#### Entries supplied

Lemma frame_metric_ginv p : inM p -> forall a b, (a < 3)%nat -> (b < 3)%nat ->
  ginv p a b = ginvcoef p a b.
Proof.
  intros Hp a c Ha Hc. destruct Hg as [_ Hinv].
  pose proof (Hinv p Hp 0%nat c ltac:(lia) Hc) as E0.
  pose proof (Hinv p Hp 1%nat c ltac:(lia) Hc) as E1.
  pose proof (Hinv p Hp 2%nat c ltac:(lia) Hc) as E2.
  unfold sum3 in *. rewrite !(frame_metric_g p Hp) in E0, E1, E2 by lia. simpl in E0, E1, E2.
  set (A := frameA p) in *. set (B := frameB p) in *.
  (* apply the explicit inverse of gcoef to the c-th columns E0, E1, E2 of gcoef * ginv *)
  assert (X0 : ginv p 0%nat c = (1 + A^2) * delta 0%nat c + A * B * delta 1%nat c + A * delta 2%nat c)
    by (rewrite <- E0, <- E1, <- E2; ring).
  assert (X1 : ginv p 1%nat c = A * B * delta 0%nat c + (1 + B^2) * delta 1%nat c + B * delta 2%nat c)
    by (rewrite <- E0, <- E1, <- E2; ring).
  assert (X2 : ginv p 2%nat c = A * delta 0%nat c + B * delta 1%nat c + delta 2%nat c)
    by (rewrite <- E0, <- E1, <- E2; ring).
  destruct (lt3_cases a Ha) as [-> | [-> | ->]];
    [rewrite X0 | rewrite X1 | rewrite X2];
    destruct (lt3_cases c Hc) as [-> | [-> | ->]]; unfold delta; simpl; fold A B; ring.
Qed.

Ltac eta_fh :=
  try change (fun x => f x) with f; try change (fun x => h x) with h;
  try change (fun x => lam n x) with (lam n).

Ltac solve_ex_derive :=
  repeat split; eta_fh; try first [apply Hf | apply Hh | apply ex_derive_lam]; simpl; lra.

Lemma pd_frame_metric p : inM p -> forall a b r, (a < 3)%nat -> (b < 3)%nat -> (r < 3)%nat ->
  pd (fun q => g q a b) r p = dgcoef p a b r.
Proof.
  intros Hp a b r Ha Hb Hr.
  apply (pd_local _ (fun t => gcoef (upd p r t) a b) _ _ _ (p 2%nat)); [exact Hp | |].
  - intros t Ht. apply frame_metric_g; auto. unfold inM, upd in *.
    destruct (lt3_cases r Hr) as [-> | [-> | ->]]; simpl; try lra.
    apply Rabs_def2 in Ht. lra.
  - unfold inM in Hp.
    destruct (lt3_cases a Ha) as [-> | [-> | ->]];
      destruct (lt3_cases b Hb) as [-> | [-> | ->]];
      destruct (lt3_cases r Hr) as [-> | [-> | ->]];
      unfold gcoef, dgcoef, dframeA, dframeB, frameA, frameB, upd; simpl;
      auto_derive; try solve_ex_derive; eta_fh; field; lra.
Qed.

Lemma Gam_frame_metric p : inM p -> forall k i j, (k < 3)%nat -> (i < 3)%nat -> (j < 3)%nat ->
  Gam g ginv p k i j = Gamcoef p k i j.
Proof.
  intros Hp k i j Hk Hi Hj. unfold Gam, Gamcoef, sum3.
  now rewrite !(frame_metric_ginv p Hp k), !(pd_frame_metric p Hp) by lia.
Qed.

Section Curve.
Variables (b c : R).
Hypothesis Hc : 0 < c.

Lemma inM_gamma_bc t : inM (gamma_bc b c t).
Proof. exact Hc. Qed.

Lemma vel_gamma_bc : vel (gamma_bc b c) = fun _ a => match a with 1%nat => 1 | _ => 0 end.
Proof.
  extensionality s; extensionality a. unfold vel.
  destruct a as [| [| a]]; simpl; apply deriv_unique.
  - apply derivable_pt_lim_const.
  - apply derivable_pt_lim_id.
  - apply derivable_pt_lim_const.
Qed.

Lemma tension_gamma_bc t k : (k < 3)%nat ->
  tension g ginv (gamma_bc b c) t k = - n / (2 * c) * frame n eps f h (gamma_bc b c t) k 2.
Proof.
  intros Hk. rewrite frame_e3 by apply inM_gamma_bc.
  unfold tension, covD. rewrite vel_gamma_bc.
  rewrite (deriv_unique _ _ 0) by apply derivable_pt_lim_const.
  unfold sum3. rewrite (Gam_frame_metric _ (inM_gamma_bc t) k 1%nat 1%nat) by lia.
  unfold Gamcoef, sum3, dgcoef, dframeB.
  destruct (lt3_cases k Hk) as [-> | [-> | ->]]; simpl; field; lra.
Qed.

Lemma gamma_bc_not_geodesic : 0 < n -> ~ geodesic g ginv (gamma_bc b c).
Proof.
  intros Hn Hgeo. specialize (Hgeo 0 2%nat ltac:(lia)).
  rewrite tension_gamma_bc in Hgeo by lia. simpl in Hgeo.
  assert (0 < n / (2 * c)) by (apply Rdiv_lt_0_compat; lra).
  unfold Rdiv in *. lra.
Qed.

Lemma legendre_gamma_bc : legendre n eps f h g (gamma_bc b c).
Proof.
  split; intros s; unfold gdot, sum3; rewrite vel_gamma_bc; unfold frame; simpl;
    rewrite !(frame_metric_g _ (inM_gamma_bc s)) by lia; simpl; ring.
Qed.

Definition dtension_coef (k : nat) : R :=
  match k with
  | 0 => - n / (2 * c) * (eps * 2)
  | 1 => - n / (2 * c) * (n / (2 * c))
  | _ => 0
  end.

Definition covD_tension_coef (k : nat) (t : R) : R :=
  dtension_coef k
  + sum3 (fun j => Gamcoef (gamma_bc b c t) k 1%nat j * (- n / (2 * c) * ginvcoef (gamma_bc b c t) j 2)).

Lemma covD_tension_gamma_bc t k : (k < 3)%nat ->
  covD g ginv (gamma_bc b c) (tension g ginv (gamma_bc b c)) t k = covD_tension_coef k t.
Proof.
  intros Hk. unfold covD at 1.
  replace (fun t0 => tension g ginv (gamma_bc b c) t0 k)
    with (fun t0 => - n / (2 * c) * ginvcoef (gamma_bc b c t0) k 2)
    by (extensionality t0; symmetry;
        now rewrite tension_gamma_bc, frame_e3 by (apply inM_gamma_bc || exact Hk)).
  rewrite (deriv_unique _ _ (dtension_coef k)).
  2:{ apply is_derive_Reals. unfold ginvcoef, frameA, frameB.
      destruct (lt3_cases k Hk) as [-> | [-> | ->]]; simpl;
        auto_derive; try easy; field; lra. }
  rewrite vel_gamma_bc. unfold sum3, covD_tension_coef.
  rewrite !tension_gamma_bc, !frame_e3, !(Gam_frame_metric _ (inM_gamma_bc t) k 1%nat)
    by (apply inM_gamma_bc || lia).
  unfold sum3; simpl. ring.
Qed.

Ltac solve_is_derive :=
  cbv beta iota zeta delta
    [covD_tension_coef dtension_coef Gamcoef ginvcoef dgcoef dframeA dframeB frameA frameB
     sum3 upd gamma_bc Nat.eqb];
  auto_derive; first [reflexivity | solve_ex_derive].

Ltac rewrite_pd_Gam k i j r p :=
  erewrite (pd_local (fun q => Gam g ginv q k i j) (fun t => Gamcoef (upd p r t) k i j)
              r p _ c Hc);
  [| intros t Ht; apply Gam_frame_metric;
     [unfold inM, upd; simpl; simpl in Ht; apply Rabs_def2 in Ht; lra | lia ..]
   | solve_is_derive].

Hypothesis Heps : eps = 1 \/ eps = -1.

Lemma bitension_gamma_bc s l : (l < 3)%nat ->
  bitension g ginv (gamma_bc b c) s l
  = n / (4 * c ^ 3) * biharm_defect n eps c * frame n eps f h (gamma_bc b c s) l 2.
Proof.
  intros Hl. unfold bitension, covD at 1.
  replace (fun t => covD g ginv (gamma_bc b c) (tension g ginv (gamma_bc b c)) t l)
    with (covD_tension_coef l)
    by (extensionality t; symmetry; now apply covD_tension_gamma_bc).
  rewrite vel_gamma_bc. unfold sum3.
  rewrite !covD_tension_gamma_bc, !tension_gamma_bc, !frame_e3 by (apply inM_gamma_bc || lia).
  (* drop the terms killed by the vanishing components of the velocity while they are small *)
  cbv beta iota. rewrite ?Rmult_0_l, ?Rmult_0_r, ?Rmult_1_r, ?Rplus_0_l, ?Rplus_0_r.
  destruct (lt3_cases l Hl) as [-> | [-> | ->]]; unfold Riem, sum3.
  all: rewrite !(Gam_frame_metric _ (inM_gamma_bc s)) by lia.
  all: erewrite deriv_unique; [| apply is_derive_Reals; solve_is_derive].
  all: repeat match goal with |- context [pd (fun q => Gam g ginv q ?k 1%nat 1%nat) ?r ?p] =>
         rewrite_pd_Gam k 1%nat 1%nat r p end.
  all: repeat match goal with |- context [pd (fun q => Gam g ginv q ?k ?i 1%nat) 1%nat ?p] =>
         rewrite_pd_Gam k i 1%nat 1%nat p end.
  all: cbv beta iota zeta delta
         [biharm_defect covD_tension_coef dtension_coef Gamcoef ginvcoef dgcoef dframeA dframeB
          frameA frameB sum3 upd gamma_bc Nat.eqb].
  all: eta_fh; destruct Heps as [-> | ->]; field; lra.
Qed.

End Curve.

End FrameMetric.

Theorem mainTheorem2 (n eps : R) :
  0 < n < 1 -> (eps = 1 \/ eps = -1) ->
  (exists c, 0 < c /\ 8 * c ^ 2 * (1 + eps * Rpower c (- n)) = n * (1 - n)) /\
  (forall (f h : R -> R),
     smooth_on (fun z => 0 < z) f -> smooth_on (fun z => 0 < z) h ->
     forall g ginv : metric, is_frame_metric n eps f h g ginv ->
     forall c : R, 0 < c -> 8 * c ^ 2 * (1 + eps * Rpower c (- n)) = n * (1 - n) ->
     forall b : R,
       legendre n eps f h g (gamma_bc b c) /\
       proper_biharmonic g ginv (gamma_bc b c)).
Proof.
  intros Hn Heps. split.
  - destruct (exists_biharm_defect_root n eps Hn Heps) as [c [Hc Hdef]].
    exists c. split; [exact Hc |]. unfold biharm_defect, lam in Hdef. lra.
  - intros f h Hf Hh g ginv Hg c Hc Hceq b.
    pose proof (smooth_on_ex_derive _ f Hf) as Hf'.
    pose proof (smooth_on_ex_derive _ h Hh) as Hh'.
    assert (Hdef : biharm_defect n eps c = 0) by (unfold biharm_defect, lam; lra).
    split; [exact (legendre_gamma_bc n eps f h g ginv Hg b c Hc) |].
    split.
    + intros s l Hl.
      rewrite (bitension_gamma_bc n eps f h g ginv Hf' Hh' Hg b c Hc Heps s l Hl), Hdef.
      ring.
    + apply (gamma_bc_not_geodesic n eps f h g ginv Hf' Hh' Hg b c Hc). lra.
Qed.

########

** Your goal **
Output exactly the span of lines beginning at the first line of the records and ending at the line that holds "(* apply the", inclusive, with no other text.

** Reply to the task **
Lemma frame_metric_ginv p : inM p -> forall a b, (a < 3)%nat -> (b < 3)%nat ->
  ginv p a b = ginvcoef p a b.
Proof.
  intros Hp a c Ha Hc. destruct Hg as [_ Hinv].
  pose proof (Hinv p Hp 0%nat c ltac:(lia) Hc) as E0.
  pose proof (Hinv p Hp 1%nat c ltac:(lia) Hc) as E1.
  pose proof (Hinv p Hp 2%nat c ltac:(lia) Hc) as E2.
  unfold sum3 in *. rewrite !(frame_metric_g p Hp) in E0, E1, E2 by lia. simpl in E0, E1, E2.
  set (A := frameA p) in *. set (B := frameB p) in *.
  (* apply the explicit inverse of gcoef to the c-th columns E0, E1, E2 of gcoef * ginv *)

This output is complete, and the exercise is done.